Sebaliknya, kemampuan memperbaiki arteri yang mengalami infark menjadi paten, kurang
banyak tergantung pada lama gejala pasien yang menjalani PCI. Beberapa laporan menunjukkan
tidak ada pengaruh keterlambatan waktu terhadapa laju mortalitas jika PCI dikerjakan setelah 2
sampai 3 jam setelah gejala.
The Task Force on the Management of Acute Myocardial Infraction of the European Society of
Cardiology dan ACC/AHA merekomendasikan target medical contact-to-balloon atau door-ttoballoon time dalam waktu 90 menit.
Risiko STEMI
Beberapa model telah dikembangkan yang membantu dokter dalam menilai risiko mortalitas
pada pasien STEMI. JIka estimasi mortalitas dengan fibrinolisis sangat tinggi, seperti pada
pasien renjatan kardiogenik, bukti klinis menunjukkan strategi PCI lebih baik.
Risiko Perdarahan
Penilaian terapi reperfusi juga melibatkan risiko perdarahan pada pasien. Jika terapii reperfusi
bersama-sama tersedia PCI dan fibrinolisis, semakin tinggi risiko perdarahan dengan terapi
fibrinolisis, semakin kuat keputusan untuk memilih PCI. Jika PCI tidak tersedia, manfaat terapi
reperfusi farmakologis harus mempertimbangkan mafaat dan risiko.
Waktu yang Dibutuhkan untuk Transport ke Laboratorium PCI
Adanya fasilitas kardiologi Intervensi merupakan penentu utama apakah PCI dapat dikerjakan.
Untuk fasilitas yang dapat mengerjakan PCI, penelitian menunjukkan PCI lebih superior dari
reperfusi farmakologis. Jika composite end point kematian, infark miokard rekuren non fatal atau
strok dianalisis, superioritas PCI terutama dalam hal penurunan laju infark miokard non fatal
berkurang.
Langkah-langkah Penilaian dalam Memilih Terapi Reperfusi pada Pasien STEMI:
Langkah 1: Nilai waktu dan risiko
Waktu sejak onset gejala

Risiko STEMI
Risiko fibrinolisis
Waktu yang dibutuhkan untuk transportasi ke laboratorium PCI yang mampu
Langkah 2: Tentukan apakah firinolisis atau strategi invasif lebih disukai.

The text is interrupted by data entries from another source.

(* In a tree-child network in which no two parents of a hybrid node are
   joined by a path, the cluster map C is injective on tree nodes, and a
   hybrid node has the cluster of its unique child, which is a tree node.
   For a tree node v, the clusters covering C(v) in the set of all clusters
   are those of its tree parent, or of the parents of its hybrid parent; so v
   has a hybrid parent iff C(v) has at least two covers.  Hence a node v is
   determined by the code (C(v), v is hybrid), the possible codes and the arcs
   between them are read off the set of clusters, and the network is
   determined up to isomorphism by its clusters.  Every representation
   Upsilon(e) of an arc e contains the complement of the cluster of its head,
   and these clusters together with S are all the clusters. *)

Section ConnectEdges.
Variables (T : finType) (e : rel T).

Lemma connect_last_edge x y :
  connect e x y -> x != y -> exists2 q, e q y & connect e x q.
Proof.
move=> /connectP [p pth ->]; elim/last_ind: p pth => [|p z _] /=.
  by rewrite eqxx.
rewrite rcons_path last_rcons => /andP [pth ez] _.
by exists (last x p) => //; apply/connectP; exists p.
Qed.

Lemma connect_first_edge x y :
  connect e x y -> x != y -> exists2 z, e x z & connect e z y.
Proof.
move=> /connectP [[|z p] /= pth ->]; first by rewrite eqxx.
by move: pth => /andP [exz pth] _; exists z => //; apply/connectP; exists p.
Qed.

Hypothesis e_acyclic : forall u v, e u v -> ~~ connect e v u.

Lemma acyclic_succ_ind (P : T -> Prop) :
  (forall x, (forall y, e x y -> P y) -> P x) -> forall x, P x.
Proof.
move=> IH x; have [n] := ubnP #|[set y | connect e x y]|.
elim: n x => // n IHn x lt_x_n; apply: IH => y exy; apply: IHn.
apply: leq_trans _ (ltnSE lt_x_n); apply: proper_card; apply/properP; split.
  by apply/subsetP => z; rewrite !inE; apply: connect_trans (connect1 exy).
by exists x; rewrite !inE ?connect0 ?e_acyclic.
Qed.

End ConnectEdges.

Lemma acyclic_pred_ind (T : finType) (e : rel T) :
  (forall u v, e u v -> ~~ connect e v u) ->
  forall P : T -> Prop, (forall y, (forall x, e x y -> P x) -> P y) -> forall y, P y.
Proof.
move=> e_acyclic; apply: (@acyclic_succ_ind _ [rel x y | e y x]) => u v /= evu.
by rewrite connect_rev /= e_acyclic.
Qed.

Definition clusters (S : finType) (N : network S) : {set {set S}} :=
  [set Cset v | v : nV N].

Definition arc_clusters (S : finType) (N : network S) : {set {set S}} :=
  [set Cset v | v : nV N & [exists u, nE N u v]].

Definition covers (S : finType) (K : {set {set S}}) (X Y : {set S}) : bool :=
  [&& Y \in K, X \proper Y & [forall Z in K, ~~ ((X \proper Z) && (Z \proper Y))]].

Definition multi_covered (S : finType) (K : {set {set S}}) (X : {set S}) :=
  1 < #|[set Y | covers K X Y]|.

Definition node_code (S : finType) (N : network S) (v : nV N) :=
  (Cset v, is_hybrid v).

Definition valid_code (S : finType) (K : {set {set S}}) (x : {set S} * bool) :=
  (x.1 \in K) && (x.2 ==> multi_covered K x.1).

Definition code_rel (S : finType) (K : {set {set S}}) (x y : {set S} * bool) :=
  if x.2 then ~~ y.2 && (x.1 == y.1)
  else covers K y.1 x.1 && (y.2 == multi_covered K y.1).

Section TreeChildNetwork.
Variables (S : finType) (N : network S).
Local Notation V := (nV N).
Local Notation E := (nE N).
Local Notation lab := (nlab N).
Local Notation K := (clusters N).
Implicit Types (u v w h p q t c r : V) (s : S).
Hypothesis tcn : tree_child_network N.
Hypothesis npp : no_parent_path N.

Let acyc : acyclic N. Proof. by case: tcn => ? _ _ _. Qed.
Let root_uniq : rooted N. Proof. by case: tcn => _ ? _ _. Qed.
Let labin : labeled_in N. Proof. by case: tcn => _ _ ? _. Qed.
Let tree_child v : ~~ is_leaf v -> exists w, E v w && is_tree_node w.
Proof. by case: tcn => _ _ _ [tc _ _]; apply: tc. Qed.
Let tree_outdeg v : is_tree_node v -> outdeg v != 1.
Proof. by case: tcn => _ _ _ [_ tout _]; apply: tout. Qed.
Let hybrid_outdeg v : is_hybrid v -> outdeg v = 1.
Proof. by case: tcn => _ _ _ [_ _ hout]; apply: hout. Qed.

Lemma tree_nodeNhybrid v : is_tree_node v = ~~ is_hybrid v.
Proof. by rewrite /is_tree_node /is_hybrid -leqNgt. Qed.

Lemma tree_parent_uniq v p q : is_tree_node v -> E p v -> E q v -> p = q.
Proof. by move=> /card_le1_eqP tv pv qv; apply: tv; rewrite inE. Qed.

Lemma hybrid_of_parents v p q : E p v -> E q v -> p != q -> is_hybrid v.
Proof. by move=> pv qv pq; apply/card_gt1P; exists p, q; rewrite !inE pv qv. Qed.

Lemma leafNarc v w : is_leaf v -> ~~ E v w.
Proof.
move=> /eqP/cards0_eq v0; apply/negP => vw.
by move: (in_set0 w); rewrite -v0 inE vw.
Qed.

Lemma arc_nonleaf u v : E u v -> ~~ is_leaf u.
Proof. by move=> uv; apply: contraL uv; apply: leafNarc. Qed.

Lemma hybrid_child h :
  is_hybrid h -> exists t, [/\ E h t, is_tree_node t & forall w, E h w -> w = t].
Proof.
move=> hh; have o1 := hybrid_outdeg hh.
have [t /andP [ht tt]] : exists t, E h t && is_tree_node t.
  by apply: tree_child; rewrite /is_leaf o1.
exists t; split=> // w hw.
have : #|[set w | E h w]| <= 1 by rewrite -/(outdeg h) o1.
by move/card_le1_eqP; apply; rewrite inE.
Qed.

Lemma hybrid_parent_tree p h : is_hybrid h -> E p h -> is_tree_node p.
Proof.
move=> hh ph; rewrite tree_nodeNhybrid; apply/negP => hp.
have [t [_ tt t_uniq]] := hybrid_child hp.
by move: tt; rewrite -(t_uniq h ph) tree_nodeNhybrid hh.
Qed.

Lemma tree_sibling u v : is_tree_node u -> E u v -> exists2 c, E u c & c != v.
Proof.
move=> tu uv; have : 1 < outdeg u.
  by move: (tree_outdeg tu) (arc_nonleaf uv); rewrite /is_leaf; case: (outdeg u) => [|[]].
move=> /card_gt1P [x [y []]]; rewrite !inE => ux uy xy.
have [xv|] := eqVneq x v; last by exists x.
by exists y; rewrite // eq_sym -xv.
Qed.

Lemma siblingNconnect u v c : E u v -> E u c -> v != c -> ~~ connect E v c.
Proof.
move=> uv uc vc; apply/negP => cvc.
have [q qc cvq] := connect_last_edge cvc vc.
have uq : u != q by apply: contraTneq cvq => <-; apply: acyc uv.
have := npp (hybrid_of_parents uc qc uq) uc qc uq.
by rewrite (connect_trans (connect1 uv) cvq).
Qed.

Lemma lab_leaf s : is_leaf (lab s).
Proof. by apply/(labin.2 (lab s)); exists s. Qed.

Lemma lab_hybridF s : is_hybrid (lab s) = false.
Proof. by apply/negP => /hybrid_outdeg o1; move: (lab_leaf s); rewrite /is_leaf o1. Qed.

Lemma connect_leaf v w : is_leaf v -> connect E v w -> w = v.
Proof.
move=> lv cvw; have [<-|nvw] := eqVneq v w; first by [].
have [z vz _] := connect_first_edge cvw nvw.
by move: (leafNarc z lv); rewrite vz.
Qed.

Lemma Cset_lab s : Cset (lab s) = [set s].
Proof.
apply/setP => s'; rewrite !inE; apply/idP/eqP => [|->]; last exact: connect0.
by move/(connect_leaf (lab_leaf s)); apply: labin.1.
Qed.

Lemma Cset_sub_connect u v : connect E u v -> Cset v \subset Cset u.
Proof. by move=> cuv; apply/subsetP => s; rewrite !inE; apply: connect_trans cuv. Qed.

Lemma Cset_hybrid h t : is_hybrid h -> E h t -> Cset h = Cset t.
Proof.
move=> hh ht; apply/eqP; rewrite eqEsubset (Cset_sub_connect (connect1 ht)) andbT.
have [t' [_ _ t'_uniq]] := hybrid_child hh.
apply/subsetP => s; rewrite !inE => chs.
have [hs|nhs] := eqVneq h (lab s); first by move: hh; rewrite hs lab_hybridF.
have [z hz czs] := connect_first_edge chs nhs.
by rewrite (t'_uniq _ ht) -(t'_uniq _ hz).
Qed.

(* Follow tree children down to a leaf: a tree node has a single parent, so
   every ancestor of that leaf lies on the tree path or above it. *)
Lemma strict_leaf v : exists s, connect E v (lab s) /\
  forall w, connect E w (lab s) -> connect E w v || connect E v w.
Proof.
move: v; apply: (acyclic_succ_ind acyc) => v IH.
have [lv|nlv] := boolP (is_leaf v).
  have [s <-] := (labin.2 v).1 lv.
  by exists s; split=> [|w ->] //; apply: connect0.
have [t /andP [vt tt]] := tree_child nlv.
have [s [cts Hs]] := IH t vt.
exists s; split=> [|w cws]; first exact: connect_trans (connect1 vt) cts.
case/orP: (Hs w cws) => [cwt|ctw]; last by rewrite (connect_trans (connect1 vt) ctw) orbT.
have [->|nwt] := eqVneq w t; first by rewrite (connect1 vt) orbT.
have [q qt cwq] := connect_last_edge cwt nwt.
by rewrite -(tree_parent_uniq tt qt vt) cwq.
Qed.

Lemma connect_Cset_sub u w : Cset u \subset Cset w -> connect E w u || connect E u w.
Proof.
move=> /subsetP uw; have [s [cus Hs]] := strict_leaf u.
by apply: Hs; have := uw s; rewrite !inE; apply.
Qed.

Lemma Cset_child_proper u v : is_tree_node u -> E u v -> Cset v \proper Cset u.
Proof.
move=> tu uv; have [c uc cv] := tree_sibling tu uv.
have [s [ccs Hs]] := strict_leaf c.
rewrite properE (Cset_sub_connect (connect1 uv)) /=; apply/subsetPn; exists s.
  by rewrite inE (connect_trans (connect1 uc) ccs).
rewrite inE; apply/negP => /Hs /orP [].
- by apply/negP; apply: siblingNconnect uv uc _; rewrite eq_sym.
- by apply/negP; apply: siblingNconnect uc uv cv.
Qed.

Lemma Cset_proper u v :
  is_tree_node u -> connect E u v -> u != v -> Cset v \proper Cset u.
Proof.
move=> tu cuv nuv; have [q qv cuq] := connect_last_edge cuv nuv.
have [hq|] := boolP (is_hybrid q); last first.
  rewrite -tree_nodeNhybrid => tq.
  exact: proper_sub_trans (Cset_child_proper tq qv) (Cset_sub_connect cuq).
have nuq : u != q by apply: contraTneq tu => ->; rewrite tree_nodeNhybrid hq.
have [p pq cup] := connect_last_edge cuq nuq.
apply: proper_sub_trans (Cset_sub_connect cup).
by rewrite -(Cset_hybrid hq qv); apply: Cset_child_proper (hybrid_parent_tree hq pq) pq.
Qed.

Jika presentasi kurang
dari 3 jam dan tidak ada keterlambatan untuk strategi invasive, tidak ada preferensi untuk strategi
lain.

Fibinolisis umumnya lebih disukai jika:


Presentasi awal <3 jam atau kurang dari onset gejala dan keterlambatan ke strategi invasive.
Strategi invasive bukan merupakan pilihan.
Laboratorium kateterisasi belum tersedia
Kesulitan akses vascular.
Tidak ada akses ke laboratorium PCI yang mampu.
Terlambat untuk strategi invasive:
-

Transport jauh

(Door-to-balloon)-(Door-to-needle) time lebih dari 1 jm

Medical contact-to-balloon atau door-to-balloon time lebih dari 90 menit.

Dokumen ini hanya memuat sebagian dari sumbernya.